What you are asked to do => Search the records for the string "states" and copy every line where it turns up.

Stored data
↓

(* For $n\ge 1$ let $p_n=\Psi(P_n)$, $m_n=\Psi(M_n)$, $o_n=\Psi(O_n)$, and set $p_0=m_0=o_0=1$. Let $P(x)=\sum_{n\ge0}p_nx^n$, $M(x)=\sum_{n\ge0}m_nx^n$, $O(x)=\sum_{n\ge0}o_nx^n$ be the ordinary generating functions. Then $$P(x)=\frac{1+4x^2}{1-5x+4x^2-4x^3},\qquad M(x)=\frac{1-x-2x^2}{1-6x+3x^2-2x^3},\qquad O(x)=\frac{1+x+x^2}{1-4x-4x^2-x^3}.$$
   Context: All graphs are finite and simple. A matching of a graph $G$ is a set of edges no two of which share a vertex; it is maximal if it is not a proper subset of another matching of $G$. $\Psi(G)$ denotes the number of maximal matchings of $G$ (the empty graph has exactly one, the empty matching). A hexagonal cactus is a connected graph in which every block is a 6-cycle (hexagon). A chain hexagonal cactus is a hexagonal cactus in which each hexagon contains at most two cut-vertices and each cut-vertex is shared by exactly two hexagons; its length is the number of hexagons. In a chain of length $\ge 2$, exactly two hexagons contain one cut-vertex (terminal hexagons); the others contain two (internal hexagons). An internal hexagon is an ortho-, meta- or para-hexagon according as its two cut-vertices are at distance 1, 2 or 3 in the hexagon. $P_n$, $M_n$, $O_n$ denote the (unique up to isomorphism) chain hexagonal cacti of length $n$ all of whose internal hexagons are para-, meta-, resp. ortho-hexagons (for $n\le 2$ these coincide). *)

From HB Require Import structures.
From mathcomp Require Import all_boot all_order all_algebra.
Set Implicit Arguments. Unset Strict Implicit. Unset Printing Implicit Defensive.
Import GRing.Theory Num.Theory.

(* A (simple) graph is given by its list E of edges (pairs of nat vertices);
   the vertex set is the set of endpoints.  For the graphs below E has no repeated
   edge, so subsets of indices correspond bijectively to edge subsets. *)

Definition ends (E : seq (nat * nat)) (e : 'I_(size E)) : nat * nat :=
  nth (0, 0) E e.

Definition disjoint_edges (x y : nat * nat) : bool :=
  [&& x.1 != y.1, x.1 != y.2, x.2 != y.1 & x.2 != y.2].

Definition is_matching (E : seq (nat * nat)) (S : {set 'I_(size E)}) : bool :=
  [forall e in S, forall f in S, (e != f) ==> disjoint_edges (ends e) (ends f)].

Definition is_maximal_matching (E : seq (nat * nat)) (S : {set 'I_(size E)}) : bool :=
  is_matching S && ~~ [exists T : {set 'I_(size E)}, is_matching T && (S \proper T)].

Definition Psi (E : seq (nat * nat)) : nat :=
  #|[set S : {set 'I_(size E)} | is_maximal_matching S]|.

(* Hexagon k (k = 0,1,...) consists of the attachment vertex a_k and the new
   vertices b,...,b+4 with b = 5k+1, forming the 6-cycle
   a_k - b - b+1 - b+2 - b+3 - b+4 - a_k  (a_k at position 0, b+j at position j+1).
   a_0 = 0, and a_(k+1) = 5k+d is the vertex at position d of hexagon k, so
   in every internal hexagon the two cut-vertices are at distance d
   (d = 1 ortho, 2 meta, 3 para). *)
Definition hexagon (d k : nat) : seq (nat * nat) :=
  let a := if k is k'.+1 then 5 * k' + d else 0 in
  let b := 5 * k + 1 in
  [:: (a, b); (b, b.+1); (b.+1, b.+2); (b.+2, b.+3); (b.+3, b.+4); (b.+4, a)].

Definition hex_chain (d n : nat) : seq (nat * nat) :=
  flatten [seq hexagon d k | k <- iota 0 n].

Definition P_chain (n : nat) := hex_chain 3 n.
Definition M_chain (n : nat) := hex_chain 2 n.
Definition O_chain (n : nat) := hex_chain 1 n.

Definition p_seq (n : nat) : nat := if n is 0 then 1 else Psi (P_chain n).
Definition m_seq (n : nat) : nat := if n is 0 then 1 else Psi (M_chain n).
Definition o_seq (n : nat) : nat := if n is 0 then 1 else Psi (O_chain n).

Definition fps_mul_poly_coef (a : nat -> int) (D : {poly int}) (n : nat) : int :=
  (\sum_(i < n.+1) (D`_i)%R * a (n - i)%N)%R.

(* The formal power series A(x) = sum a_n x^n equals N(x)/D(x), D(0) = 1,
   i.e. A(x) * D(x) = N(x) coefficientwise. *)
Definition ogf_eq_ratio (a : nat -> int) (N D : {poly int}) : Prop :=
  (D`_0)%R = 1%R /\ forall n : nat, fps_mul_poly_coef a D n = (N`_n)%R.

From mathcomp Require Import all_boot all_order all_algebra zify ring.
Import GRing.Theory.
Set Implicit Arguments. Unset Strict Implicit.

(* Cut the chain after each hexagon.  A selection of edges of the first k
   hexagons falls into one of four states relative to the cut vertex a_k shared
   with hexagon k+1 (see [state]); since hexagon k+1 meets the previous ones
   only in a_k, the state after adding it depends only on the previous state
   and on the selection inside the new hexagon.  So the numbers of selections in
   the three live states evolve by a fixed 3 x 3 transfer matrix (the dead state
   is absorbing), Psi is the sum of the first two of them, and by
   Cayley-Hamilton Psi satisfies the recurrence given by the characteristic
   polynomial of that matrix.  Its reversal is the denominator of the generating
   function; the numerator is read off from the first three values. *)


Fixpoint bool_seqs (m : nat) : seq (seq bool) :=
  if m is m'.+1 then [seq b :: s | b <- [:: true; false], s <- bool_seqs m']
  else [:: [::]].

Lemma mem_bool_seqs m s : (s \in bool_seqs m) = (size s == m).
Proof.
elim: m s => [|m IH] [|b s] //.
- by apply/negP => /allpairsP [[? ?] [_ _]].
- rewrite [size _]/= eqSS -IH; apply/allpairsP/idP => [[[b' s'] /= [_ ? [_ ->]]] //|sm].
  by exists (b, s); case: b.
Qed.

Lemma uniq_bool_seqs m : uniq (bool_seqs m).
Proof. by elim: m => // m IH; apply: allpairs_uniq => // -[? ?] [? ?] _ _ [-> ->]. Qed.

Lemma count_sum T (P : pred T) r : count P r = \sum_(x <- r) P x.
Proof. by rewrite -sumn_count sumnE big_map. Qed.

Lemma sum_bool_seqs_cat m1 m2 (F : seq bool -> nat) :
  \sum_(s <- bool_seqs (m1 + m2)) F s =
  \sum_(s1 <- bool_seqs m1) \sum_(s2 <- bool_seqs m2) F (s1 ++ s2).
Proof.
elim: m1 F => [|m1 IH] F; first by rewrite big_seq1.
have bool_seqsS k :
  bool_seqs k.+1 = [seq b :: s | b <- [:: true; false], s <- bool_seqs k] by [].
by rewrite addSn !bool_seqsS !big_allpairs_dep; apply: eq_bigr => b _; rewrite IH.
Qed.

Definition incident (v : nat) (e : nat * nat) : bool := (e.1 == v) || (e.2 == v).

(* A set of edges of E is encoded by its indicator sequence s, aligned with E. *)
Definition selected (E : seq (nat * nat)) (s : seq bool) : seq (nat * nat) :=
  [seq p.1 | p <- zip E s & p.2].

Definition covered E s (v : nat) : bool := has (incident v) (selected E s).

Definition dominated E s (e : nat * nat) : bool := covered E s e.1 || covered E s e.2.

Definition matching_sel E s : bool := pairwise disjoint_edges (selected E s).

Definition dominating_sel E s : bool := all (dominated E s) E.

Definition maximal_sel E s : bool := matching_sel E s && dominating_sel E s.

Lemma disjoint_edges_sym : symmetric disjoint_edges.
Proof.
move=> x y; rewrite /disjoint_edges !(eq_sym x.1) !(eq_sym x.2).
by case: (_ == _) (_ == _) (_ == _) (_ == _) => [] [] [] [].
Qed.

Lemma disjoint_edgesE x y : disjoint_edges x y = ~~ incident x.1 y && ~~ incident x.2 y.
Proof.
rewrite /disjoint_edges /incident !(eq_sym y.1) !(eq_sym y.2).
by case: (_ == _) (_ == _) (_ == _) (_ == _) => [] [] [] [].
Qed.

Lemma pairwise_uniqP (T : eqType) (r : rel T) (l : seq T) : symmetric r -> uniq l ->
  reflect {in l &, forall x y, x != y -> r x y} (pairwise r l).
Proof.
move=> r_sym; elim: l => [|a l IH] /=; first by move=> _; apply: ReflectT.
case/andP=> al ul; apply: (iffP andP).
- case=> /allP ra /(IH ul) rl x y; rewrite !inE => /orP [/eqP ->|xl] /orP [/eqP ->|yl];
  rewrite ?eqxx // => xy; [exact: ra | rewrite r_sym; exact: ra | exact: rl].
- move=> r_in; split.
  + apply/allP => y yl; apply: r_in; rewrite ?inE ?eqxx ?yl ?orbT //.
    by apply: contraNneq al => ->.
  + by apply/(IH ul) => x y xl yl; apply: r_in; rewrite inE ?xl ?yl orbT.
Qed.

Section MaximalMatchingsAsSelections.
Variable E : seq (nat * nat).
Local Notation m := (size E).

Definition indicator_seq (S : {set 'I_m}) : seq bool := [seq i \in S | i <- enum 'I_m].

Lemma map_ends_enum : [seq ends i | i <- enum 'I_m] = E.
Proof.
rewrite /ends (map_comp (nth (0, 0) E) val) val_enum_ord.
by rewrite -[RHS](mkseq_nth (0, 0)).
Qed.

Lemma selected_indicator S :
  selected E (indicator_seq S) = [seq ends i | i <- enum 'I_m & i \in S].
Proof.
rewrite /selected /indicator_seq -{1}map_ends_enum zip_map filter_map -map_comp.
exact: eq_map.
Qed.

Lemma covered_indicator S v :
  covered E (indicator_seq S) v = [exists i in S, incident v (ends i)].
Proof.
rewrite /covered selected_indicator; apply/hasP/exists_inP.
- by case=> e /mapP [i]; rewrite mem_filter => /andP [iS _] -> ?; exists i.
- case=> i iS vi; exists (ends i) => //; apply/mapP; exists i => //.
  by rewrite mem_filter iS mem_enum.
Qed.

Lemma matching_indicator S : matching_sel E (indicator_seq S) = is_matching S.
Proof.
have r_sym : symmetric (relpre (@ends E) disjoint_edges).
  by move=> x y; rewrite /= disjoint_edges_sym.
have uS : uniq [seq i <- enum 'I_m | i \in S] by rewrite filter_uniq // enum_uniq.
rewrite /is_matching /matching_sel selected_indicator pairwise_map.
apply/(pairwise_uniqP r_sym uS)/idP.
- move=> r_in; apply/forall_inP => e eS; apply/forall_inP => f fS; apply/implyP.
  by apply: r_in; rewrite mem_filter ?eS ?fS mem_enum.
- move=> /forall_inP mS x y; rewrite !mem_filter => /andP [xS _] /andP [yS _].
  by move: (mS x xS) => /forall_inP /(_ y yS) /implyP.
Qed.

↑

Response for this exercise =>
   hexagons falls into one of four states relative to the cut vertex a_k shared
   the three live states evolve by a fixed 3 x 3 transfer matrix (the dead state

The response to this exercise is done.